No podría cerrar estas palabras sin resumir como fue creciendo hasta el infinito, en mi corazón y en mi mente, la figura de Juan Pablo II. Cuanto más estudiaba y conocía la vida del joven Karol Wojtyla, más comprendía la contagiosa y arrolladora humanidad de Juan Pablo II y su increíble capacidad para comunicarse con pueblos de todas las denominaciones religiosas y políticas; su profundo eco en los sedientos de justicia y libertad. Hay una obra cinematográfica, con muy buenos actores, que ya circula doblada a varios idiomas y con subtítulos en otros tantos. Se llama “Karol: un hombre que se volvió Papa”. Impresiona ese titulo. Tocaba uno o dos instrumentos musicales. Nos dejó canciones de su autoría. Actuó en obras de teatro, a veces presentadas en la clandestinidad. Deportista muy activo. En una ocasión hizo de portero del equipo de fútbol que tenían los jóvenes judíos de su pueblo. Respetado y querido por el gran número de sus amigos. Huérfano de madre, mostró su gran calidad de buen hijo con un padre enfermo, que a sus dolencias físicas, agregaba la tragedia de la ocupación nazi. Valor de un gigante del espíritu, al renunciar a su amor de juventud, para enrumbar su vida hacia el sacerdocio. Si me perdonan y no lo toman como irreverente, creo que Karol Wojtyla fue bohemio en su juventud. Pero de la bohemia que humaniza, no la que destruye.
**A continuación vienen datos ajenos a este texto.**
(* Let $\Omega$ be a Polish space and $\mathcal{P}$ a weakly relatively compact set of Borel probability measures on $\Omega$. There is a countable subset $\mathcal{Q}=\{P_n,\ n\in\mathbb{N}\}$ of $\mathcal{P}$ such that for every $p\in[1,\infty)$ and every $X\in L^1(c_{p,\mathcal{P}})$, $$c_{p,\mathcal{P}}(X)=\sup_{n\in\mathbb{N}}\big(E_{P_n}(|X|^p)\big)^{1/p}.$$ Moreover the capacities $c_{p,\mathcal{P}}$ and $c_{p,\mathcal{Q}}$ (defined on $\mathcal{C}_b(\Omega)$ and extended to all real functions) are equal, and $L^1(c_{p,\mathcal{P}})=L^1(c_{p,\mathcal{Q}})$.
   Context: For a set $\mathcal{R}$ of Borel probability measures and $1\le p<\infty$, $c_{p,\mathcal{R}}(f)=\sup_{P\in\mathcal{R}}E_P(|f|^p)^{1/p}$ for $f\in\mathcal{C}_b(\Omega)$ (a capacity when $\mathcal{R}$ is weakly relatively compact: a monotone seminorm with $\inf_n c(f_n)=0$ for $f_n$ decreasing to $0$). It is extended to all real functions by $c(f)=\sup\{c(\varphi):\varphi\in\mathcal{C}_b(\Omega),0\le\varphi\le f\}$ for $f\ge0$ lower semicontinuous and $c(g)=\inf\{c(f):f\text{ l.s.c.},f\ge|g|\}$ in general. $L^1(c)$ denotes the Banach space obtained as the quotient by $c$-null elements of the closure of $\mathcal{C}_b(\Omega)$ for $c$ in $\{g: c(g)<\infty\}$. Weak topology: the coarsest making $\mu\mapsto\int f\,d\mu$ continuous for every $f\in\mathcal{C}_b(\Omega)$. *)

From HB Require Import structures.
From mathcomp Require Import all_boot all_order all_algebra.
From mathcomp Require Import all_classical all_reals all_analysis.
Set Implicit Arguments. Unset Strict Implicit. Unset Printing Implicit Defensive.
Import Order.TTheory GRing.Theory Num.Theory.
Import numFieldNormedType.Exports.
Local Open Scope classical_set_scope.
Local Open Scope ring_scope.

(** Polish space: (the topology of) a complete, separable metric space;
    a metric is a Hausdorff pseudometric. *)
Definition separable_space (T : topologicalType) : Prop :=
  exists D : set T, countable D /\ closure D = [set: T].

Definition polish (R : realType) (T : completePseudoMetricType R) : Prop :=
  hausdorff_space T /\ separable_space T.

Section Capacities.
Context {R : realType} {T : completePseudoMetricType R}.

Definition borel := g_sigma_algebraType (@open T).

Definition probM := probability borel R.
HB.instance Definition _ := gen_eqMixin probM.
HB.instance Definition _ := gen_choiceMixin probM.

Definition isCb (phi : T -> R) : Prop :=
  continuous phi /\ exists M : R, forall x, `|phi x| <= M.

Definition Cb := {f : T -> R | isCb f}.

Definition integrals (P : probM) : {ptws Cb -> R} :=
  fun f => Rintegral (P : measure borel R) setT (sval f).

Definition weakProb := initial_topology integrals.

Definition weakly_relatively_compact (A : set probM) : Prop :=
  compact (closure (A : set weakProb)).

Local Open Scope ereal_scope.

Definition expect (P : probM) (h : T -> R) : \bar R :=
  \int[(P : measure borel R)]_x (h x)%:E.

Definition capCb (p : R) (Rs : set probM) (phi : T -> R) : \bar R :=
  ereal_sup [set poweR (expect P (fun x => powR `|phi x| p)) p^-1 | P in Rs].


(** extension to nonnegative lower semicontinuous functions *)
Definition capLsc (p : R) (Rs : set probM) (f : T -> R) : \bar R :=
  ereal_sup [set capCb p Rs phi |
              phi in [set phi | isCb phi /\ forall x, (0 <= phi x <= f x)%R]].

Definition cap (p : R) (Rs : set probM) (g : T -> R) : \bar R :=
  ereal_inf [set capLsc p Rs f |
              f in [set f : T -> R | lower_semicontinuous (fun x => (f x)%:E)
                                     /\ forall x, (`|g x| <= f x)%R]].

(** membership in the closure of C_b (for c) inside {g | c(g) < oo};
    L^1(c) is the quotient of this set by the c-null functions *)
Definition inL1 (p : R) (Rs : set probM) (g : T -> R) : Prop :=
  cap p Rs g < +oo /\
  forall e : R, (0 < e)%R ->
    exists phi : T -> R, isCb phi /\ cap p Rs (fun x => g x - phi x)%R < e%:E.

End Capacities.

From HB Require Import structures.
From mathcomp Require Import all_boot all_order all_algebra.
From mathcomp Require Import all_classical all_reals all_analysis.
From mathcomp Require Import measurable_realfun lra ring.
Import Order.TTheory GRing.Theory Num.Theory.
Import numFieldNormedType.Exports.
Local Open Scope classical_set_scope.
Local Open Scope ring_scope.
Set Implicit Arguments. Unset Strict Implicit.

(* A nonnegative lower semicontinuous function on a separable metric space is
   the increasing limit of finite maxima of hat functions drawn from a fixed
   countable family (rational heights and slopes, centres in a countable dense
   set).  By monotone convergence, E_P(f) is therefore the supremum of E_P over
   countably many bounded continuous functions, and picking, for each such
   function and each rational threshold, one P in Ps exceeding the threshold
   (when one exists) gives a countable Qs with the same suprema
   sup_P E_P(f).  This settles the capacities on C_b, hence their l.s.c. and
   general extensions; for X in L^1(c) one approximates X by a continuous phi
   up to an l.s.c. majorant h of |X - phi| of small capacity. *)

Section RealFacts.
Context {R : realType}.

Lemma rat_between_ereal (t : R) (E : \bar R) : (t%:E < E)%E ->
  exists q : rat, t < ratr q /\ ((ratr q)%:E < E)%E.
Proof.
case: E => [y| |] // ty.
- have [q] := rat_in_itvoo ty; rewrite in_itv /= => /andP[tq qy].
  by exists q; rewrite lte_fin.
- have [q] : exists q, ratr q \in `]t, t + 1[ by apply: rat_in_itvoo; rewrite ltrDl.
  rewrite in_itv /= => /andP[tq _]; exists q; split=> //; exact: ltry.
Qed.

Lemma powR_invrK (a r : R) : 0 <= a -> r != 0 -> powR (powR a r^-1) r = a.
Proof. by move=> a0 r0; rewrite -powRrM mulVf // powRr1. Qed.

Lemma continuous_powR (p a : R) : 0 < a -> {for a, continuous (fun b : R => powR b p)}.
Proof.
move=> a0; have : derivable (fun b : R => powR b p) a 1.
  by apply: derivable_powR; rewrite in_itv /= andbT.
by move/derivable1_diffP/differentiable_continuous.
Qed.

Lemma cvg_powR_le (u : nat -> R) (l p : R) : (forall N, 0 <= u N <= l) ->
  u @ \oo --> l -> (fun N => powR (u N) p) @ \oo --> powR l p.
Proof.
move=> u0l ul; have [l0|l0] := eqVneq l 0.
  have u0 N : u N = 0 by apply/eqP; rewrite eq_le andbC; have := u0l N; rewrite l0.
  by rewrite l0; under eq_fun do rewrite u0; exact: cvg_cst.
have lpos : 0 < l by rewrite lt_def l0 /=; case/andP: (u0l 0%N); exact: le_trans.
exact: (cvg_comp _ _ ul (continuous_powR (p := p) lpos)).
Qed.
Desde mi adolescencia fui encontrando grandes figuras de la historia universal que ganan mi admiración. Para citar algunos: Simón Bolívar, Abraham Lincoln, José Martí, Mahatma Gandhi. También he admirado mucho a los Pontífices León XIII y Juan XXIII. Pero por los caminos del joven Karol Wojtyla y por la portentosa obra desde el Pontificado realizada por Juan Pablo II, ya muy avanzada mi accidentada y azarosa existencia, este fue el ser humano que alcanzó el más alto sitial de mi admiración.
Cuando me tocó recibir a Juan Pablo II, era la primera vez que podía estar al lado de una figura universal que ocupaba un alto sitial en mi admiración. Por segundos me parecía que no era cierto. Igual me ocurrió cuando le hice visita oficial en el Vaticano en junio de 1984. Igual la última vez, el 9 de julio de 1998, cuando sentí la emoción de su presencia y entre las pocas palabras que intercambiamos me dijo: “Siempre recuerdo con mucho amor a Costa Rica.”
Doy gracias a Dios y al noble pueblo de Costa Rica por haberme dado el privilegiado gozo espiritual de recibir al recordado Papa en nuestro suelo que él, en expresión de cariñoso respeto, besó a su arribo de Roma.